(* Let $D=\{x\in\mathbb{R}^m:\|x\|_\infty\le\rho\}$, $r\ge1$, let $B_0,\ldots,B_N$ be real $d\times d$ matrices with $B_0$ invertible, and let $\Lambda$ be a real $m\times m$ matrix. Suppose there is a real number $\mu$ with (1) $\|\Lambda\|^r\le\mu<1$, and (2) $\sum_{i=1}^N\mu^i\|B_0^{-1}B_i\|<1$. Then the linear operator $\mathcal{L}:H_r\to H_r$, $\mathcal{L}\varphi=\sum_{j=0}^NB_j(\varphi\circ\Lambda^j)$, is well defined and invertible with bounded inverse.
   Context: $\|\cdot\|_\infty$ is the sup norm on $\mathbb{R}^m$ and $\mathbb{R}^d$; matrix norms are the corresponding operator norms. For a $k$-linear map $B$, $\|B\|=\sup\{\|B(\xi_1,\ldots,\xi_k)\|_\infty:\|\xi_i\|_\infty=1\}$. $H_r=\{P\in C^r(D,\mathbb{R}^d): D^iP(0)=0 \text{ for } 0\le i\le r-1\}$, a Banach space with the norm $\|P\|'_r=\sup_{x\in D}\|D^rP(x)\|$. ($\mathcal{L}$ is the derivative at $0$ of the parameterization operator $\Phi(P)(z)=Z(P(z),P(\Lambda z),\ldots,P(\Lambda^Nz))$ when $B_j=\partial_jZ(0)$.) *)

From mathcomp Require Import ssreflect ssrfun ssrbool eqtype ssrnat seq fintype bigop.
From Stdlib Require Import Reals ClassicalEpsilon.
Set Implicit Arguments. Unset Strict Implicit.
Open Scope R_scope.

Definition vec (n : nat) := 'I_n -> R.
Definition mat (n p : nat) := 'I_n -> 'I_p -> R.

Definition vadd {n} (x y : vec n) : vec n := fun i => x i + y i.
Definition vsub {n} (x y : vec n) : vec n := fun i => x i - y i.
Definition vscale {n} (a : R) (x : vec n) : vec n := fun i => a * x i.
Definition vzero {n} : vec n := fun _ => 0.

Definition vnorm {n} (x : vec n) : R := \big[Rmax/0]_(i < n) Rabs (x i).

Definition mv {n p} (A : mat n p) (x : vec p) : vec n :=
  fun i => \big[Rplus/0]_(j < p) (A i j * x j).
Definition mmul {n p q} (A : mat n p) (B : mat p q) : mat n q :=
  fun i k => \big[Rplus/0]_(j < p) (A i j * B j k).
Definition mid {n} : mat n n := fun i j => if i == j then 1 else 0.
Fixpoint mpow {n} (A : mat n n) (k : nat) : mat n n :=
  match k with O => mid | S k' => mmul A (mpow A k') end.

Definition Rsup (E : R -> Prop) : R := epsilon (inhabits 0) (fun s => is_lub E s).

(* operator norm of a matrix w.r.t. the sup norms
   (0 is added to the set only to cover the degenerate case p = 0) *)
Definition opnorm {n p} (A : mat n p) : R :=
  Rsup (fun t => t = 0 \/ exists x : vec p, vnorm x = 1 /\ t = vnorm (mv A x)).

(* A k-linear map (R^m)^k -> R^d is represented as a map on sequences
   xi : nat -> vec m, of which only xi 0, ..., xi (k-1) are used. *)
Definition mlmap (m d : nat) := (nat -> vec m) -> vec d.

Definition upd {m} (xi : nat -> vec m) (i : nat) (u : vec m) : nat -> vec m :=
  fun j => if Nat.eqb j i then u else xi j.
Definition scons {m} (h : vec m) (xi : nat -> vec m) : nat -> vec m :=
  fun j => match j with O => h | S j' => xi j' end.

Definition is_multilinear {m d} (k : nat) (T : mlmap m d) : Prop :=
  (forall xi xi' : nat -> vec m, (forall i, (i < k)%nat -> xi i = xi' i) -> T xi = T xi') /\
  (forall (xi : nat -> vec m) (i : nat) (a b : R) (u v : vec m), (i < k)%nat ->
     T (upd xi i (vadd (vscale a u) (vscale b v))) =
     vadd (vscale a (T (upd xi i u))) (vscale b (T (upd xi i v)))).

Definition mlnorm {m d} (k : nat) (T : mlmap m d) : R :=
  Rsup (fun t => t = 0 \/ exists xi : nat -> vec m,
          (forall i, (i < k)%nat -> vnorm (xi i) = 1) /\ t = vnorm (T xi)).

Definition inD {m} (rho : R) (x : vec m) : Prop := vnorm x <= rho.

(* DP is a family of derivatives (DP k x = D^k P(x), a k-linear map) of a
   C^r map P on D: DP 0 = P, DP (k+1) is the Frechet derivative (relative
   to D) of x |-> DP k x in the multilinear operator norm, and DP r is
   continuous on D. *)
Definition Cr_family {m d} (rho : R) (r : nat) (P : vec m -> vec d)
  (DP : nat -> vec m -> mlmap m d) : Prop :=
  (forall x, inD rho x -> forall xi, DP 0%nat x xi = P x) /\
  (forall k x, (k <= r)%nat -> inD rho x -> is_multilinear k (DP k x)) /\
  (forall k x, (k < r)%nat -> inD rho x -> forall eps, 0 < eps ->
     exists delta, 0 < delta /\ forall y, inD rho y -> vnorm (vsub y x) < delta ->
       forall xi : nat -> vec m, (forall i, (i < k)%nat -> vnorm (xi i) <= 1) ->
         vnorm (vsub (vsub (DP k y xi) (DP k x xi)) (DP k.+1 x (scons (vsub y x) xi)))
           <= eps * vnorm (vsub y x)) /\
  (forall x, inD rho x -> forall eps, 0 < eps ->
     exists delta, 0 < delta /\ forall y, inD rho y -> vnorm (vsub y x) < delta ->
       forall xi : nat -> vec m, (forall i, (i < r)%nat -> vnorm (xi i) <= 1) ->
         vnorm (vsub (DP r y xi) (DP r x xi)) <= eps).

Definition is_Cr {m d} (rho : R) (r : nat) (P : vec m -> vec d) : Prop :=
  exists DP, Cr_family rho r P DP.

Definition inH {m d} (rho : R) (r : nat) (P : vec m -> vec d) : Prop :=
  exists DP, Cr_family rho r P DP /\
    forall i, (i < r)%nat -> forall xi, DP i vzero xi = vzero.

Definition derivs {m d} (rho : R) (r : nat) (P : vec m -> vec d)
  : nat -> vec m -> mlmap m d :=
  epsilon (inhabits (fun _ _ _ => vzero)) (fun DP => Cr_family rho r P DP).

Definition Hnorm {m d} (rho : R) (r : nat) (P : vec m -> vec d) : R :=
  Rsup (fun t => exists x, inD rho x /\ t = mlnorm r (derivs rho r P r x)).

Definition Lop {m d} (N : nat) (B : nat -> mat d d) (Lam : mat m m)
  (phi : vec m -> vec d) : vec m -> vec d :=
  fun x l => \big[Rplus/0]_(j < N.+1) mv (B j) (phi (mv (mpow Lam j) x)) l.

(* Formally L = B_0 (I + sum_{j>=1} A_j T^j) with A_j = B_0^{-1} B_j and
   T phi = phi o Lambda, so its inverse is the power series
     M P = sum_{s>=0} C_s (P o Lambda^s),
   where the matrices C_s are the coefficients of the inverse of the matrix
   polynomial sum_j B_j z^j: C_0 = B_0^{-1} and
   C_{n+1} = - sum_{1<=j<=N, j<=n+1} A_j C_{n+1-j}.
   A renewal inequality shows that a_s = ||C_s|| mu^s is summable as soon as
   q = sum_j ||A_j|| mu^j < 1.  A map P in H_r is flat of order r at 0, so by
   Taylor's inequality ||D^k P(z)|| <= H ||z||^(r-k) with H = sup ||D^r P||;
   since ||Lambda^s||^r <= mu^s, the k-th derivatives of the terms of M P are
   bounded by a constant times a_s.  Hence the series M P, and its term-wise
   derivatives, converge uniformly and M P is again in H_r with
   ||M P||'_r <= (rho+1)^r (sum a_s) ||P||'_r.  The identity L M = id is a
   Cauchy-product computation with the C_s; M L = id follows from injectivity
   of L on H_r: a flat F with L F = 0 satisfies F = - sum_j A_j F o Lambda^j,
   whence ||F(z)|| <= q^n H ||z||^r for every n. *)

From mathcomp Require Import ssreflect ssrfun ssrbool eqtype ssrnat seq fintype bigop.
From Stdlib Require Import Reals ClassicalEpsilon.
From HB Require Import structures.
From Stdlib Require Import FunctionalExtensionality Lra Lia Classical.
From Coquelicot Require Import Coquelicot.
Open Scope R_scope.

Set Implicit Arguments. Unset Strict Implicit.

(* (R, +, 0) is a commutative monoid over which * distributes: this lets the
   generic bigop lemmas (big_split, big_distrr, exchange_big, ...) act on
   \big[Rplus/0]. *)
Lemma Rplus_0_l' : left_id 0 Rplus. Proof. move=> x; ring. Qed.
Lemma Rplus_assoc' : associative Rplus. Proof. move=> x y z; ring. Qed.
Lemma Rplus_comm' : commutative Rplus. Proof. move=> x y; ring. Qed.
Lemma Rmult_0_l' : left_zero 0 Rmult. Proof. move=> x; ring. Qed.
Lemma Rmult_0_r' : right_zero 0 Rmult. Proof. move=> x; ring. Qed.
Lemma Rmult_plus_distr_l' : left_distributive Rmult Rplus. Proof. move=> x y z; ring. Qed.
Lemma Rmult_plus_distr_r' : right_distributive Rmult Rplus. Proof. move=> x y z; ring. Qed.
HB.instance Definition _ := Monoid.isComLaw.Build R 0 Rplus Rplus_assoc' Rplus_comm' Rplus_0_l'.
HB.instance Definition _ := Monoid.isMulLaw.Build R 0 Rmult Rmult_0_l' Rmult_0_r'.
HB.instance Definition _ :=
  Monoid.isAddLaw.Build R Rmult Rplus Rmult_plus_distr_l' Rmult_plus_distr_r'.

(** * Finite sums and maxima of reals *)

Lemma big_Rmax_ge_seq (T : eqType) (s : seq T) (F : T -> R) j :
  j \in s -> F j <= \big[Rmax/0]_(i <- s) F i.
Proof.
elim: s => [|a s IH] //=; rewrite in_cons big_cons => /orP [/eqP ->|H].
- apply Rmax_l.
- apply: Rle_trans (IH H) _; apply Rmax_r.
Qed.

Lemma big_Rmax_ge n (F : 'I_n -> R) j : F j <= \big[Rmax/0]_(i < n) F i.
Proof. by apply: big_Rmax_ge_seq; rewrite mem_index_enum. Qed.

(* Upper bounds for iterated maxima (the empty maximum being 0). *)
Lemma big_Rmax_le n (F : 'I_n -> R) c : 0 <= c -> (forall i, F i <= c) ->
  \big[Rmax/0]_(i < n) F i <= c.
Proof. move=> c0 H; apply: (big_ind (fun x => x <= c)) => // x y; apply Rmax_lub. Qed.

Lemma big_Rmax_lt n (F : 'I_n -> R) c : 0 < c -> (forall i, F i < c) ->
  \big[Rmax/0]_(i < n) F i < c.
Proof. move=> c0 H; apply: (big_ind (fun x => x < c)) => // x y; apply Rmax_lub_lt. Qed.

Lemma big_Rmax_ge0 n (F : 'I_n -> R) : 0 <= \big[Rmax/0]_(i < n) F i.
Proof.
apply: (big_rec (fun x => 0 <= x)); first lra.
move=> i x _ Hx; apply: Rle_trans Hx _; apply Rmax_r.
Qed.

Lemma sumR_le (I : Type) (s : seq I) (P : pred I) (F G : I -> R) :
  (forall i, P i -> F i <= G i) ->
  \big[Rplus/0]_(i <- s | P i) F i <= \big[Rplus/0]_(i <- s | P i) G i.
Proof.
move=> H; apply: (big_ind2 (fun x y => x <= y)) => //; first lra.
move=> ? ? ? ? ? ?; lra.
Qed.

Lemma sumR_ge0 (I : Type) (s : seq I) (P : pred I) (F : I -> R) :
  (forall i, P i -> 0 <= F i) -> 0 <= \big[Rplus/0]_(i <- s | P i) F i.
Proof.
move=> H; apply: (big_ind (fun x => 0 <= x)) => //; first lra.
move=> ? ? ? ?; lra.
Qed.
━━━━━━━━━━
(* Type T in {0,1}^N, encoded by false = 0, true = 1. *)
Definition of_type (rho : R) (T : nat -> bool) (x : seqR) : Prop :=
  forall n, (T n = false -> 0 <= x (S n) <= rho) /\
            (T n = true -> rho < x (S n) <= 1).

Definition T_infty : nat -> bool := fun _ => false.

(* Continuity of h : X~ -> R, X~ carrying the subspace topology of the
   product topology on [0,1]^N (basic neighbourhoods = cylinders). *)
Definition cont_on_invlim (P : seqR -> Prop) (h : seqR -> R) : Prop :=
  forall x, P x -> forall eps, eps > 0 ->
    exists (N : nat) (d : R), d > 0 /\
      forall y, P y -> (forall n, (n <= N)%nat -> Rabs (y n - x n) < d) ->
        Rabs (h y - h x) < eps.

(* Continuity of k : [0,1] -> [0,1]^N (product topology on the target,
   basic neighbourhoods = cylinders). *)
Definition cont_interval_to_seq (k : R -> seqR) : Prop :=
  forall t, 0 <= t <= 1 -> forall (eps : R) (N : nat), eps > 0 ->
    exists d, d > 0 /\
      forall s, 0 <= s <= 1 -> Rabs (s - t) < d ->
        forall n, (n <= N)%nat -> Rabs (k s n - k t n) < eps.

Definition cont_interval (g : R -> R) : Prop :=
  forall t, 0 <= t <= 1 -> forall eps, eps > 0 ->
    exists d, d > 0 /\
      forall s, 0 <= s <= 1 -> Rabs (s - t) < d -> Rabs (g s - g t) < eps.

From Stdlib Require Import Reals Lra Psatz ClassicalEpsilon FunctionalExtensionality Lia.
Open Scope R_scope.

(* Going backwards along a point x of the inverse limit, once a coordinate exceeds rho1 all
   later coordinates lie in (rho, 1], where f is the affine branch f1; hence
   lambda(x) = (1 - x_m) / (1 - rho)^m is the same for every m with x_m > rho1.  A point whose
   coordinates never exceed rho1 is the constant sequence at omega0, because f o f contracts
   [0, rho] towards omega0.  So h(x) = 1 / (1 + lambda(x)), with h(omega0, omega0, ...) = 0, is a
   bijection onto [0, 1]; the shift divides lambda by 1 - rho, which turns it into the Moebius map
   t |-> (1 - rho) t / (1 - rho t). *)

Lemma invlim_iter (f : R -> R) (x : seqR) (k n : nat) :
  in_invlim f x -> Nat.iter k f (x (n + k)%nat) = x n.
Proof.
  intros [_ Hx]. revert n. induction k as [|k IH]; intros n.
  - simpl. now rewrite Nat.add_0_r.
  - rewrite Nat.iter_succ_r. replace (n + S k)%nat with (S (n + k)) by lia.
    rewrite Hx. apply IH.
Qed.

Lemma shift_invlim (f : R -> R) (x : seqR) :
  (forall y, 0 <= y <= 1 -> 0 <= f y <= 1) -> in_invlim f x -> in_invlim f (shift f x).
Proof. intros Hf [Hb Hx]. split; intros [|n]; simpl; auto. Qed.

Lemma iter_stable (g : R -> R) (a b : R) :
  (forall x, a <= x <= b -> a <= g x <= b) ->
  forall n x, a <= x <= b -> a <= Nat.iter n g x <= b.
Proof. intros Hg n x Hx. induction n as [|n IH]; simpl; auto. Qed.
━━━━━━━━━━
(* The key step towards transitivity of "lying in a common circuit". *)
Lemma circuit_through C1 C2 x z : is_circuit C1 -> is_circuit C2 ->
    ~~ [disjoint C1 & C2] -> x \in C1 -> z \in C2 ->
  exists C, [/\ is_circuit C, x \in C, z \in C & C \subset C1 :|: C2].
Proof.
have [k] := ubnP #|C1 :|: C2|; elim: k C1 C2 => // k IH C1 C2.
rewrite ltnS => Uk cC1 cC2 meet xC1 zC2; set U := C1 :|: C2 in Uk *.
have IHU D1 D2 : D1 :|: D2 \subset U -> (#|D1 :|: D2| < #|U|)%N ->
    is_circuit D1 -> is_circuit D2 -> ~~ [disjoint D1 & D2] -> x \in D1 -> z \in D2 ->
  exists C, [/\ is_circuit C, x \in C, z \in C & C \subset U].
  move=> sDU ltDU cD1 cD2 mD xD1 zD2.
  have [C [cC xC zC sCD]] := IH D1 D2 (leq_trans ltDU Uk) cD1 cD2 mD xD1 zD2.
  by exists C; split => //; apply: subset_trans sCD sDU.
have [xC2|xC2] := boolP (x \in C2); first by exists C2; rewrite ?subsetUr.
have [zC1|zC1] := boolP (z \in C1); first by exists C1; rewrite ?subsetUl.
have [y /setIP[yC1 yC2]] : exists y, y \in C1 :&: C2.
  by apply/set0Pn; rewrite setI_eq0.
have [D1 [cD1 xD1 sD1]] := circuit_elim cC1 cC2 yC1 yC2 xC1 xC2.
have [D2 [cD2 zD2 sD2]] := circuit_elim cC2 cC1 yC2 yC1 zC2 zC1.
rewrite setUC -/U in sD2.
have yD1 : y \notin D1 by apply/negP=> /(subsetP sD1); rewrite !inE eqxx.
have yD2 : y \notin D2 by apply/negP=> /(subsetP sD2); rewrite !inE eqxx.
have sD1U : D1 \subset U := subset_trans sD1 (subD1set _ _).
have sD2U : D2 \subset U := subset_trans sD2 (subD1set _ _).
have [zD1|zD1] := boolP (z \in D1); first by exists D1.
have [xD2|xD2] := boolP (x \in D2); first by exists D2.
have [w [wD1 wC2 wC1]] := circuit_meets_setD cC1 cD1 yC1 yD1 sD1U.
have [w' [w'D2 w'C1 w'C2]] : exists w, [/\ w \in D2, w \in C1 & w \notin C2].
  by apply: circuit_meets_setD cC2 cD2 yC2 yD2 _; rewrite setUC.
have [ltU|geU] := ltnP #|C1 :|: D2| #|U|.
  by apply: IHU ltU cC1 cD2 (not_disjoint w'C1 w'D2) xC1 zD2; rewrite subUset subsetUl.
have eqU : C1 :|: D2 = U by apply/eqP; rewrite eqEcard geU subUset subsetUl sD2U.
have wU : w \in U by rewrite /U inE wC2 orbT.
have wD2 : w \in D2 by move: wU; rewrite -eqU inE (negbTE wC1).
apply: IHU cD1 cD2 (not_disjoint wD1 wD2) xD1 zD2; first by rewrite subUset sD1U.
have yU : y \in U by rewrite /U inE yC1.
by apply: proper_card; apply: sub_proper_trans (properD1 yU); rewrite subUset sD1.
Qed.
━━━━━━━━━━
- WHAT THIS TASK INVOLVES -
Copy out the lines above exactly, beginning at the one that contains "<= eps * vnorm (vsub y x)) /\" and ending at the one that contains "whence ||F(z)|| <= q^n".

- EXERCISE ANSWER -
           <= eps * vnorm (vsub y x)) /\
  (forall x, inD rho x -> forall eps, 0 < eps ->
     exists delta, 0 < delta /\ forall y, inD rho y -> vnorm (vsub y x) < delta ->
       forall xi : nat -> vec m, (forall i, (i < r)%nat -> vnorm (xi i) <= 1) ->
         vnorm (vsub (DP r y xi) (DP r x xi)) <= eps).

Definition is_Cr {m d} (rho : R) (r : nat) (P : vec m -> vec d) : Prop :=
  exists DP, Cr_family rho r P DP.

Definition inH {m d} (rho : R) (r : nat) (P : vec m -> vec d) : Prop :=
  exists DP, Cr_family rho r P DP /\
    forall i, (i < r)%nat -> forall xi, DP i vzero xi = vzero.

Definition derivs {m d} (rho : R) (r : nat) (P : vec m -> vec d)
  : nat -> vec m -> mlmap m d :=
  epsilon (inhabits (fun _ _ _ => vzero)) (fun DP => Cr_family rho r P DP).

Definition Hnorm {m d} (rho : R) (r : nat) (P : vec m -> vec d) : R :=
  Rsup (fun t => exists x, inD rho x /\ t = mlnorm r (derivs rho r P r x)).

Definition Lop {m d} (N : nat) (B : nat -> mat d d) (Lam : mat m m)
  (phi : vec m -> vec d) : vec m -> vec d :=
  fun x l => \big[Rplus/0]_(j < N.+1) mv (B j) (phi (mv (mpow Lam j) x)) l.

(* Formally L = B_0 (I + sum_{j>=1} A_j T^j) with A_j = B_0^{-1} B_j and
   T phi = phi o Lambda, so its inverse is the power series
     M P = sum_{s>=0} C_s (P o Lambda^s),
   where the matrices C_s are the coefficients of the inverse of the matrix
   polynomial sum_j B_j z^j: C_0 = B_0^{-1} and
   C_{n+1} = - sum_{1<=j<=N, j<=n+1} A_j C_{n+1-j}.
   A renewal inequality shows that a_s = ||C_s|| mu^s is summable as soon as
   q = sum_j ||A_j|| mu^j < 1.  A map P in H_r is flat of order r at 0, so by
   Taylor's inequality ||D^k P(z)|| <= H ||z||^(r-k) with H = sup ||D^r P||;
   since ||Lambda^s||^r <= mu^s, the k-th derivatives of the terms of M P are
   bounded by a constant times a_s.  Hence the series M P, and its term-wise
   derivatives, converge uniformly and M P is again in H_r with
   ||M P||'_r <= (rho+1)^r (sum a_s) ||P||'_r.  The identity L M = id is a
   Cauchy-product computation with the C_s; M L = id follows from injectivity
   of L on H_r: a flat F with L F = 0 satisfies F = - sum_j A_j F o Lambda^j,
   whence ||F(z)|| <= q^n H ||z||^r for every n. *)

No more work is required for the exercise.